== Segment start ==

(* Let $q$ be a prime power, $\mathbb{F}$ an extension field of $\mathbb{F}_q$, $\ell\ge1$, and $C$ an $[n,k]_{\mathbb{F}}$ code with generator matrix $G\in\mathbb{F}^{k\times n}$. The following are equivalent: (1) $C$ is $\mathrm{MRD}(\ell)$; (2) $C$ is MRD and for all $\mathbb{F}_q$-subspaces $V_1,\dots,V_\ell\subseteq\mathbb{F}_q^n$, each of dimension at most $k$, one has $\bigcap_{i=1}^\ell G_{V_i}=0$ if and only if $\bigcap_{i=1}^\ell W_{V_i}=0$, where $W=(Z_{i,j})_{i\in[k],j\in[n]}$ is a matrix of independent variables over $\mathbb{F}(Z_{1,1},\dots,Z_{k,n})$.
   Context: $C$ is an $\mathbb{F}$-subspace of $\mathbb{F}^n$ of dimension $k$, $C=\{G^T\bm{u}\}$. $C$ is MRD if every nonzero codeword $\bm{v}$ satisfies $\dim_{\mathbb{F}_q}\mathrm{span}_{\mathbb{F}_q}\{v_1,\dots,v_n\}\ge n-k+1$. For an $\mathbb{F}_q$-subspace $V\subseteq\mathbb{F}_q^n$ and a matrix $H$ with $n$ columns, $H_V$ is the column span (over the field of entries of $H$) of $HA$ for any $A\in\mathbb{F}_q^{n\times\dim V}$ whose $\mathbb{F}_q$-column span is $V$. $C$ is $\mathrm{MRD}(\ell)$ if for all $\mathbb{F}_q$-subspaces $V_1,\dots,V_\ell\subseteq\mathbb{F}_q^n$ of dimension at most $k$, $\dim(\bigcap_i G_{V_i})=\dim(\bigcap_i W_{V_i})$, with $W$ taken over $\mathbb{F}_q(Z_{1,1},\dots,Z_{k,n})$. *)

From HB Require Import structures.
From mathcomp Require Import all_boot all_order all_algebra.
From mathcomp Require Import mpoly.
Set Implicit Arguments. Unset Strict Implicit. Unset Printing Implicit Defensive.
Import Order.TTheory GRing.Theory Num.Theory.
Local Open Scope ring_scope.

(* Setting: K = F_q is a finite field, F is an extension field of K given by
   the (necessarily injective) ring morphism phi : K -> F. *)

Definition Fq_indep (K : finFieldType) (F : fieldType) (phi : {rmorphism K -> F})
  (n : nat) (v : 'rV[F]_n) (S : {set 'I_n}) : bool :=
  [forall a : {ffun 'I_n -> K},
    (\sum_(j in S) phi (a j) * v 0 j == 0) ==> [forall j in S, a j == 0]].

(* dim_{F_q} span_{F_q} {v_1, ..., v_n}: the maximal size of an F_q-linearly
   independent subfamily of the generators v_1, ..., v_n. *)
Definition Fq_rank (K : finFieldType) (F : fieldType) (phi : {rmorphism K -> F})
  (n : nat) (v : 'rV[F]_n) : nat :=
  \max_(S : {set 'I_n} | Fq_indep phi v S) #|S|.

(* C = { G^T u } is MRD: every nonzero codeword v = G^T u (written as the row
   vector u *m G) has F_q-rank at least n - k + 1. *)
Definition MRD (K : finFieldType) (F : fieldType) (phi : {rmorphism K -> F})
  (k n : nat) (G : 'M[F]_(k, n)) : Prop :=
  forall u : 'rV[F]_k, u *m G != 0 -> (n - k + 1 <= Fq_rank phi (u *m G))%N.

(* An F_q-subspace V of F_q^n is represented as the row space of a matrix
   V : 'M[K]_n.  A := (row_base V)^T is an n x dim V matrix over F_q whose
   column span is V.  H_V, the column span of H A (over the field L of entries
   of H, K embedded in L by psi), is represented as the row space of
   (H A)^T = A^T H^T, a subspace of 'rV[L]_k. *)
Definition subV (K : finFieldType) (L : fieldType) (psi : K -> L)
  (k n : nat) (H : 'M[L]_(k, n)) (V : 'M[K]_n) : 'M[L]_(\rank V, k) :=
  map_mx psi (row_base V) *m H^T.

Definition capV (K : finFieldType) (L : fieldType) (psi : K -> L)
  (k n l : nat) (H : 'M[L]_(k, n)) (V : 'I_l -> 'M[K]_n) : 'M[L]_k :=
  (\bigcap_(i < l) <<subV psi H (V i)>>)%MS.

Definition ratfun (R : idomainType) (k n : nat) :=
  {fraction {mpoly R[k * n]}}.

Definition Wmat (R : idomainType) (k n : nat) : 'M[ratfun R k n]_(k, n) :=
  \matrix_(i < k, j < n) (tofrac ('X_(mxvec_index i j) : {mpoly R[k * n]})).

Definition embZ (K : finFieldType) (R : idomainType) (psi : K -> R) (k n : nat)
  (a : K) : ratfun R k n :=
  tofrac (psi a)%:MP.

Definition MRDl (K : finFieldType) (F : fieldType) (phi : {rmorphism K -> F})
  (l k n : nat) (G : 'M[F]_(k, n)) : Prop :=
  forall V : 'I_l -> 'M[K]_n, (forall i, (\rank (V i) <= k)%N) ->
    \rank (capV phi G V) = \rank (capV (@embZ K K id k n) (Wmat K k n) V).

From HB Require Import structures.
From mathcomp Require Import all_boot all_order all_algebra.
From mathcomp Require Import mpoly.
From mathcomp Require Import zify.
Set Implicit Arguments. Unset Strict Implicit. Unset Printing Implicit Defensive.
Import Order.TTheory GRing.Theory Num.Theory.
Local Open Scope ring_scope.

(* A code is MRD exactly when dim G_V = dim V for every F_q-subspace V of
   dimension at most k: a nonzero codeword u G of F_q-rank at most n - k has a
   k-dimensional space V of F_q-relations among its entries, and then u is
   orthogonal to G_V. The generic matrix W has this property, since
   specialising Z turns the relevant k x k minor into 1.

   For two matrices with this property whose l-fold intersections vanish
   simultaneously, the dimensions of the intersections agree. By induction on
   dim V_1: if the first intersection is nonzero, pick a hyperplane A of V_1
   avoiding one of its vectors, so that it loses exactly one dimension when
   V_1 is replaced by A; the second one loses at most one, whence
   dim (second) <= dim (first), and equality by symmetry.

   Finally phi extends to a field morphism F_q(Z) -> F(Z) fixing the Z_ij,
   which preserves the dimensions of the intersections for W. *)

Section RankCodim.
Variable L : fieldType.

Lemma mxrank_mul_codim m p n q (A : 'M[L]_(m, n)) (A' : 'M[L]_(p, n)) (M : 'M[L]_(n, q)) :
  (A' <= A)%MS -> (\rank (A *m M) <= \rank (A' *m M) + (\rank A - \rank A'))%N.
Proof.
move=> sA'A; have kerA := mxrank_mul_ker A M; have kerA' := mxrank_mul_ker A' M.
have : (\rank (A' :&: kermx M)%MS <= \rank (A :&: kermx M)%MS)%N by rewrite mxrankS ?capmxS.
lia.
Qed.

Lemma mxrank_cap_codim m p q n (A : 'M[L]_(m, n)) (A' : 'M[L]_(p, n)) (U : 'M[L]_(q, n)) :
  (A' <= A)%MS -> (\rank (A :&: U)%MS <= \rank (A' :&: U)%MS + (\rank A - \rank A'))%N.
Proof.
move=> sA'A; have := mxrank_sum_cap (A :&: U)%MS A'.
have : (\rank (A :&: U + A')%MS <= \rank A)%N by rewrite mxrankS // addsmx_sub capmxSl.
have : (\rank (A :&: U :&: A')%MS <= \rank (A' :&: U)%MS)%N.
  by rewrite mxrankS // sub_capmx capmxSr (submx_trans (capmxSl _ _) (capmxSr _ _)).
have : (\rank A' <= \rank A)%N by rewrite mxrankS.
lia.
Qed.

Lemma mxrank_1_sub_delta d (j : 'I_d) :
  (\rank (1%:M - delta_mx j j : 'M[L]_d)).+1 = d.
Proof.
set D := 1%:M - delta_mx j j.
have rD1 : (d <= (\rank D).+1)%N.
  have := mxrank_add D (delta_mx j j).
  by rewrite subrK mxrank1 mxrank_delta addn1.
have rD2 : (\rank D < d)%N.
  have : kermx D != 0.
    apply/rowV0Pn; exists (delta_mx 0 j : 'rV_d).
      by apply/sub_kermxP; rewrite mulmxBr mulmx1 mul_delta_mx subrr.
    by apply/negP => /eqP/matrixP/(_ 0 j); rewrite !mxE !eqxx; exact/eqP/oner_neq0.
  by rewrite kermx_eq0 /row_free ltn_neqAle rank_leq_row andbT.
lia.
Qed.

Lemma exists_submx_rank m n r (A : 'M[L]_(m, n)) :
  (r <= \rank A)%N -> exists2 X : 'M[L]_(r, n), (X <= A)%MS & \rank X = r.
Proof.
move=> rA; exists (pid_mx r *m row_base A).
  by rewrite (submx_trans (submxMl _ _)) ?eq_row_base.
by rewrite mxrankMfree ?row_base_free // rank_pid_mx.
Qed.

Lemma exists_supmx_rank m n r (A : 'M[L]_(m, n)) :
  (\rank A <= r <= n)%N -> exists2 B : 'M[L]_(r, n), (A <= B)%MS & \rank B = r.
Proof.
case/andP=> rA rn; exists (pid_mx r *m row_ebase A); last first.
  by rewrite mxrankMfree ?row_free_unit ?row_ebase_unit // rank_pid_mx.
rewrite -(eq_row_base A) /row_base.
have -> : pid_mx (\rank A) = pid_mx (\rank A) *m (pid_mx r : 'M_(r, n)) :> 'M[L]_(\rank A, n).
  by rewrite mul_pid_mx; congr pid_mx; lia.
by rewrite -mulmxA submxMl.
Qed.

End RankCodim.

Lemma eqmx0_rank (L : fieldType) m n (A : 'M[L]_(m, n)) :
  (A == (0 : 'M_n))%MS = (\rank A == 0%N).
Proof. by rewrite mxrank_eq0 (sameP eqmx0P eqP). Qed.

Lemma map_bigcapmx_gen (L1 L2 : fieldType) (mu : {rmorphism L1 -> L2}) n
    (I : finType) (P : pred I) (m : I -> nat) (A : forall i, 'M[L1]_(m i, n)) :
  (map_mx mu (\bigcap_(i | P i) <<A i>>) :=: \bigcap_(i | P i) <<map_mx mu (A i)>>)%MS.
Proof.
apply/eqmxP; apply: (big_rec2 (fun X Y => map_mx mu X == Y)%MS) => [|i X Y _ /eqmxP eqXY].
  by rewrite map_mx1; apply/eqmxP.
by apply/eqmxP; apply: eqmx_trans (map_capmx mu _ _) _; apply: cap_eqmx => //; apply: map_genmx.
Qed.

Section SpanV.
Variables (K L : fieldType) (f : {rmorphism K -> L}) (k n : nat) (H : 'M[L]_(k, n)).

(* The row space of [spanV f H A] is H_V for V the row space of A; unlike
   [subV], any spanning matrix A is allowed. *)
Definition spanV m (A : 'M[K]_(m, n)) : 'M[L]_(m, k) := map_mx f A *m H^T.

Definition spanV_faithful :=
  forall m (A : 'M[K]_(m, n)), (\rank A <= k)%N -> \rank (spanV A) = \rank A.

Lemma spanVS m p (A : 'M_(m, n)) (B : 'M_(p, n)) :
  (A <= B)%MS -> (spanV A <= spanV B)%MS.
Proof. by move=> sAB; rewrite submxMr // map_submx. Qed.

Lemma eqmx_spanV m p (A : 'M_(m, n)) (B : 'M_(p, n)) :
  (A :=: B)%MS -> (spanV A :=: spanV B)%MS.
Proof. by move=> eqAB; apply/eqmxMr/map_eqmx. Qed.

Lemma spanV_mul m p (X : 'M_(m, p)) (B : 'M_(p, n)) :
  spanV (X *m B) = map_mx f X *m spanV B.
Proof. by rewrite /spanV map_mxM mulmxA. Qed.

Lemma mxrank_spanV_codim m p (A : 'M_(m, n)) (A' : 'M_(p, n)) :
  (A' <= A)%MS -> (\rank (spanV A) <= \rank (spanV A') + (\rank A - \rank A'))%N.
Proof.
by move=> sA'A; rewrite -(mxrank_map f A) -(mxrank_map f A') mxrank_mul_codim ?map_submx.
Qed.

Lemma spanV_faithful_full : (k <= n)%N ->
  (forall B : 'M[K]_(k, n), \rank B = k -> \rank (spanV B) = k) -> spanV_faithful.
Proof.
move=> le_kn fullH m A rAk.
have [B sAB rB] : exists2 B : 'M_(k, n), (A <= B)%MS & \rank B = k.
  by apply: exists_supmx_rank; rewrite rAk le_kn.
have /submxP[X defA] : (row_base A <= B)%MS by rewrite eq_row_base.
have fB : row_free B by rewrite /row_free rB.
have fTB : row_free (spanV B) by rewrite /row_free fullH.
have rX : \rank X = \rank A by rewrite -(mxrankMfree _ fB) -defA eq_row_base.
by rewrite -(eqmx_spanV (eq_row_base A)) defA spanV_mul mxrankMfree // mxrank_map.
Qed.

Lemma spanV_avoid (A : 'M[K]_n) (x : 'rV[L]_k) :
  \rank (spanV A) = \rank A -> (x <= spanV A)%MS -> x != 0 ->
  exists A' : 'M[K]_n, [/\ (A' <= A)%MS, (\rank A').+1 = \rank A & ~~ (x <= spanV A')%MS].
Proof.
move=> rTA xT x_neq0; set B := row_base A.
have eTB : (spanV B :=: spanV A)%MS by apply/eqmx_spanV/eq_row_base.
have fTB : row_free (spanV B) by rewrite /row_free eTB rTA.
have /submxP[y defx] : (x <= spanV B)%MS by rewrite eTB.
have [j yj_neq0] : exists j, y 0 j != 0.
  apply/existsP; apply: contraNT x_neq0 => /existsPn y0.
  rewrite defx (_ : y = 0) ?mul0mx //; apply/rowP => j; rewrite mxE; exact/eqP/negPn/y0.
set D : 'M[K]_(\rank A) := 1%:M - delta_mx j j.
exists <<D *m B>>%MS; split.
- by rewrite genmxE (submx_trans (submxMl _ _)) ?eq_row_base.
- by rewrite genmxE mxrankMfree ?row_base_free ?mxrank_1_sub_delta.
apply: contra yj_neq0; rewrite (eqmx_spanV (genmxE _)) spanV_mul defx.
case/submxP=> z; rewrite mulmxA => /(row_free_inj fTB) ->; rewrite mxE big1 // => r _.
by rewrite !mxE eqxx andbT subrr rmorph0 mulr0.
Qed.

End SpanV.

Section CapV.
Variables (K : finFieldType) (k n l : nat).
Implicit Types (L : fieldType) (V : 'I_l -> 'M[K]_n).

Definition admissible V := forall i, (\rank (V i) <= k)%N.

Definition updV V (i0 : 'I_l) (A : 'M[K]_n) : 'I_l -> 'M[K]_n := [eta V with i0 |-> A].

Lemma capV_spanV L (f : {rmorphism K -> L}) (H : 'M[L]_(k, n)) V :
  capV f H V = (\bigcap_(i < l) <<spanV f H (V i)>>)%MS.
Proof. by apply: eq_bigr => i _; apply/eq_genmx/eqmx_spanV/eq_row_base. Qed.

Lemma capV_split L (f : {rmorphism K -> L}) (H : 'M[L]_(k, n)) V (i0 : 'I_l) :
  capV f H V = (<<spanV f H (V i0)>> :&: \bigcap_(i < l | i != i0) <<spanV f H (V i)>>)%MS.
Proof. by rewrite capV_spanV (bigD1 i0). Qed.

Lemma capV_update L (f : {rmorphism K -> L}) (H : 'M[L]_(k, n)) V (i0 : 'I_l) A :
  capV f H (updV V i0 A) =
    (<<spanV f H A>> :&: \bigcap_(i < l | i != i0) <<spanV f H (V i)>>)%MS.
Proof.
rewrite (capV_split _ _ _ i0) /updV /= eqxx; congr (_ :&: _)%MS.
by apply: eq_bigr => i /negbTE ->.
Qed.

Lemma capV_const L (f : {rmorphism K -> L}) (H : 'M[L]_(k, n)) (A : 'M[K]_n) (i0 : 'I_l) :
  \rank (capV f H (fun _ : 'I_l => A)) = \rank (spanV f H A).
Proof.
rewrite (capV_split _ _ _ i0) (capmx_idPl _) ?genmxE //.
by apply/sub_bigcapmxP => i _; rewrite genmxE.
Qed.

== Segment end ==
== Segment start ==

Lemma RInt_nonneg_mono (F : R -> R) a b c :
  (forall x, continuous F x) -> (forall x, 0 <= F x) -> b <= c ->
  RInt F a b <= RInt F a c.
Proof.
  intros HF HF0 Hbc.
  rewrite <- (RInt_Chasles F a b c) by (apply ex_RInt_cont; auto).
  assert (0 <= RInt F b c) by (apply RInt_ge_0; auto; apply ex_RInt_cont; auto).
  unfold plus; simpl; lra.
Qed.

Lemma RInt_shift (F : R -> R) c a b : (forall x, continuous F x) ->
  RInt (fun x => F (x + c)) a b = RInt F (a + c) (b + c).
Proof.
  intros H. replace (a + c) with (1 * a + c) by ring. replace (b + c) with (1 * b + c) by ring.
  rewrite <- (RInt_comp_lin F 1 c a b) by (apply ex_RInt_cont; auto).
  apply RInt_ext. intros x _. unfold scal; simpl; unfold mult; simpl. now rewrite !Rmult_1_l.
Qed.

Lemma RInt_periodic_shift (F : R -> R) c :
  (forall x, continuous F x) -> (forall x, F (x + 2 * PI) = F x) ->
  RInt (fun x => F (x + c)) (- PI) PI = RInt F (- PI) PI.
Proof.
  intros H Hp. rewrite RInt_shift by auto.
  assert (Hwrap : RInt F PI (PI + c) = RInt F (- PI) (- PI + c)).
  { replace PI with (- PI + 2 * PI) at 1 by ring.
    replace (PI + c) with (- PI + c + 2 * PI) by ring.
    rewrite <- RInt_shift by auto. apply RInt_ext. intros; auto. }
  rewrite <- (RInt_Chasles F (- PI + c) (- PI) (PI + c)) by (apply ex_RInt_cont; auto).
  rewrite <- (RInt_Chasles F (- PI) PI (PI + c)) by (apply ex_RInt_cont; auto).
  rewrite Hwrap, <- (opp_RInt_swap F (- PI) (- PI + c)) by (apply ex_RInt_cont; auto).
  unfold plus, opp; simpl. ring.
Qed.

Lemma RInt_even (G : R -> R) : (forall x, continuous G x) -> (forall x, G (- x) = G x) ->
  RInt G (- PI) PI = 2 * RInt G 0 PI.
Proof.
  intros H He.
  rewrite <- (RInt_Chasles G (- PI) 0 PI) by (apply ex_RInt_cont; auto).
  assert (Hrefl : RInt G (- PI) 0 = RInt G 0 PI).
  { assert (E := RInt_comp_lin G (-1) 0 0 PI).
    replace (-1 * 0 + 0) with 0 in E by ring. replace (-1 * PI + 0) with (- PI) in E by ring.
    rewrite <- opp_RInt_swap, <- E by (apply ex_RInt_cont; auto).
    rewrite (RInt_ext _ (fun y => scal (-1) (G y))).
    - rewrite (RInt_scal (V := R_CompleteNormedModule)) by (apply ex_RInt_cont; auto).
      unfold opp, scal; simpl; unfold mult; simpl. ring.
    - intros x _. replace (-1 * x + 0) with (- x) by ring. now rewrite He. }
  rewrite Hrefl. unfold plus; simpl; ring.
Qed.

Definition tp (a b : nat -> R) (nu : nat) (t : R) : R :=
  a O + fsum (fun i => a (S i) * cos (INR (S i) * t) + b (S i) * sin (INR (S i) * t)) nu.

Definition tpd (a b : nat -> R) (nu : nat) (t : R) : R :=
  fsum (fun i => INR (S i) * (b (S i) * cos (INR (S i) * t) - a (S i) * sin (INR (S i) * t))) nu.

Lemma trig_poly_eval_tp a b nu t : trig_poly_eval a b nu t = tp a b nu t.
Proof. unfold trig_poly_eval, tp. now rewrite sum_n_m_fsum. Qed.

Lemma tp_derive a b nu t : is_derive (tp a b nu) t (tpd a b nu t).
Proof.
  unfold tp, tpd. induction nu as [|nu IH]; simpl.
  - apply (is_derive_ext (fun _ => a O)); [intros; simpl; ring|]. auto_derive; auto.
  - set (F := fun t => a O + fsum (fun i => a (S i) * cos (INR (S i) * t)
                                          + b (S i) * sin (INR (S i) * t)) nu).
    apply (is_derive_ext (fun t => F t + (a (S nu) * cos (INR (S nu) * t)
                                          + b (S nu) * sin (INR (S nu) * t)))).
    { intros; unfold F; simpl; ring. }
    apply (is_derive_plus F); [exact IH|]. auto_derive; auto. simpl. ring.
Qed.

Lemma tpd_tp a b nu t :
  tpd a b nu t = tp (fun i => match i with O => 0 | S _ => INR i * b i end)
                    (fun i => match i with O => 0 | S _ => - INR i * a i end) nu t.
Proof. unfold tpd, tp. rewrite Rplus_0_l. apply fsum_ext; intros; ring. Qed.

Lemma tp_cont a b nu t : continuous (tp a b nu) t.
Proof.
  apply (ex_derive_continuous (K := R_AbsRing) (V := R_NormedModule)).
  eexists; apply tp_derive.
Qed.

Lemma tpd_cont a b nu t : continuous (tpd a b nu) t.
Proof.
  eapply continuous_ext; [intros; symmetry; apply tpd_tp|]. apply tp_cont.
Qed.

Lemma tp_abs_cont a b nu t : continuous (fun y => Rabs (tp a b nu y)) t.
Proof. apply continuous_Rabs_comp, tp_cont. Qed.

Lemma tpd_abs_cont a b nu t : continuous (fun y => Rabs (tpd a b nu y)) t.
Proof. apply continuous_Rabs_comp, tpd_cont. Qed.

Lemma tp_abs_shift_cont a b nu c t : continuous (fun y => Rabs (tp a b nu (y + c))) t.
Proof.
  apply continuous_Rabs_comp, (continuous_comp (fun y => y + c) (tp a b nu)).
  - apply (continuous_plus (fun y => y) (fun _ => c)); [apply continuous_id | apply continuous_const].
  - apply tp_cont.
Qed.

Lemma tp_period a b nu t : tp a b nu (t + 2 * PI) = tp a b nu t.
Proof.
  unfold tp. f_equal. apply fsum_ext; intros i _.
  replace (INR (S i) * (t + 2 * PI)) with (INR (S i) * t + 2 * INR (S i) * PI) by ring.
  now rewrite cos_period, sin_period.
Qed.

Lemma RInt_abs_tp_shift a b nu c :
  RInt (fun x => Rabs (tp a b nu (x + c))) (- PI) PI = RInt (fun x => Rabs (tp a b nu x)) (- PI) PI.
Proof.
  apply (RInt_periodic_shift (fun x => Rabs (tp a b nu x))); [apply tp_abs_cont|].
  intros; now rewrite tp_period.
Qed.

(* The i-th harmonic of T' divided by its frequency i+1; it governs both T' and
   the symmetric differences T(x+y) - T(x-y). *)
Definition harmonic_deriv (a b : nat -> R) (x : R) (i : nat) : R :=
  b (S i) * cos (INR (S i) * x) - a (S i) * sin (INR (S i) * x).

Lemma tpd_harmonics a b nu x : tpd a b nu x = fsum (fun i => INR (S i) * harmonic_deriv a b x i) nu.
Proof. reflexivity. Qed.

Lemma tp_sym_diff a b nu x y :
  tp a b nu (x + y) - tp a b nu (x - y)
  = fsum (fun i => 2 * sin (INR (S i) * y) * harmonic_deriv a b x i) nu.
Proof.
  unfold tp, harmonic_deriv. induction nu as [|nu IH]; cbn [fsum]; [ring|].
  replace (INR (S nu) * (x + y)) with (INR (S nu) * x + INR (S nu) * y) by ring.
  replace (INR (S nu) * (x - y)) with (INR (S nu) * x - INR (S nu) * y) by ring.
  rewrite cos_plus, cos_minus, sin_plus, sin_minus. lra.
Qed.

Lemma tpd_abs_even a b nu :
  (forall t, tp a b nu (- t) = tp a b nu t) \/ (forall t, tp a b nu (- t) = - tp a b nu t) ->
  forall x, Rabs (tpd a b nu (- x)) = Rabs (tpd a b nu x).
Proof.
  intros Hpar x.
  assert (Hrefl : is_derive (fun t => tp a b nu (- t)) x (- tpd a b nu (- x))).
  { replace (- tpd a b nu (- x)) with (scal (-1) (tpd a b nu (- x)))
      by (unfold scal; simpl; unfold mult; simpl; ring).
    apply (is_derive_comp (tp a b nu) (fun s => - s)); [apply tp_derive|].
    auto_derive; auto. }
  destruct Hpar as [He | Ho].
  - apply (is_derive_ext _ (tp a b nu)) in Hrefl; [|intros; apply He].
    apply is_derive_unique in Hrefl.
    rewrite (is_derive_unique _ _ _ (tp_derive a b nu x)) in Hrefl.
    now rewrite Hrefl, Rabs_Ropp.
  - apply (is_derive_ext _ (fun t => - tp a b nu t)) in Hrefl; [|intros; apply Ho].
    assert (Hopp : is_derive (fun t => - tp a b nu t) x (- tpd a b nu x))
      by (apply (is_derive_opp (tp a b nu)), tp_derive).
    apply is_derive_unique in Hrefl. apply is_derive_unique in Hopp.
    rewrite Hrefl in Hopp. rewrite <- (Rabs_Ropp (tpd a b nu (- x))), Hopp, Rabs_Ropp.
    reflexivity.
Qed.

== Segment end ==
== Segment start ==

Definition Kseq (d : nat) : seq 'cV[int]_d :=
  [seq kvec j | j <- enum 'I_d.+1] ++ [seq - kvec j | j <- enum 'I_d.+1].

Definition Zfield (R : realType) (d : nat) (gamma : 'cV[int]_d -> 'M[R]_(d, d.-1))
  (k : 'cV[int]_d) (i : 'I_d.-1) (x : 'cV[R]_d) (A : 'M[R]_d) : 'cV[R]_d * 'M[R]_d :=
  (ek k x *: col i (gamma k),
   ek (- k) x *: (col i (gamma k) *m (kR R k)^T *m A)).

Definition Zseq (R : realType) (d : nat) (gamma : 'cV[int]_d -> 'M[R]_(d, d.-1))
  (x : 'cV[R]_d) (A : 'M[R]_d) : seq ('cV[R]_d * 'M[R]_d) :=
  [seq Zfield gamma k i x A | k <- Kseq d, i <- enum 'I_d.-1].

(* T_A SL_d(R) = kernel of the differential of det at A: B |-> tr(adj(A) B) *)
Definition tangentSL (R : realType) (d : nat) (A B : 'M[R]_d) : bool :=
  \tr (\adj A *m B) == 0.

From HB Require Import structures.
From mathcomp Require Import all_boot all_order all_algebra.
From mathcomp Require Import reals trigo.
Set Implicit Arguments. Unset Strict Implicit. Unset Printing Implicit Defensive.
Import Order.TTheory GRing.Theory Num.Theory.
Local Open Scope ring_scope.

== Segment end ==

**Work task:** Using the records given above, list every line that includes the word "intersections".

**Task answer:**
   For two matrices with this property whose l-fold intersections vanish
   simultaneously, the dimensions of the intersections agree. By induction on
   which preserves the dimensions of the intersections for W. *)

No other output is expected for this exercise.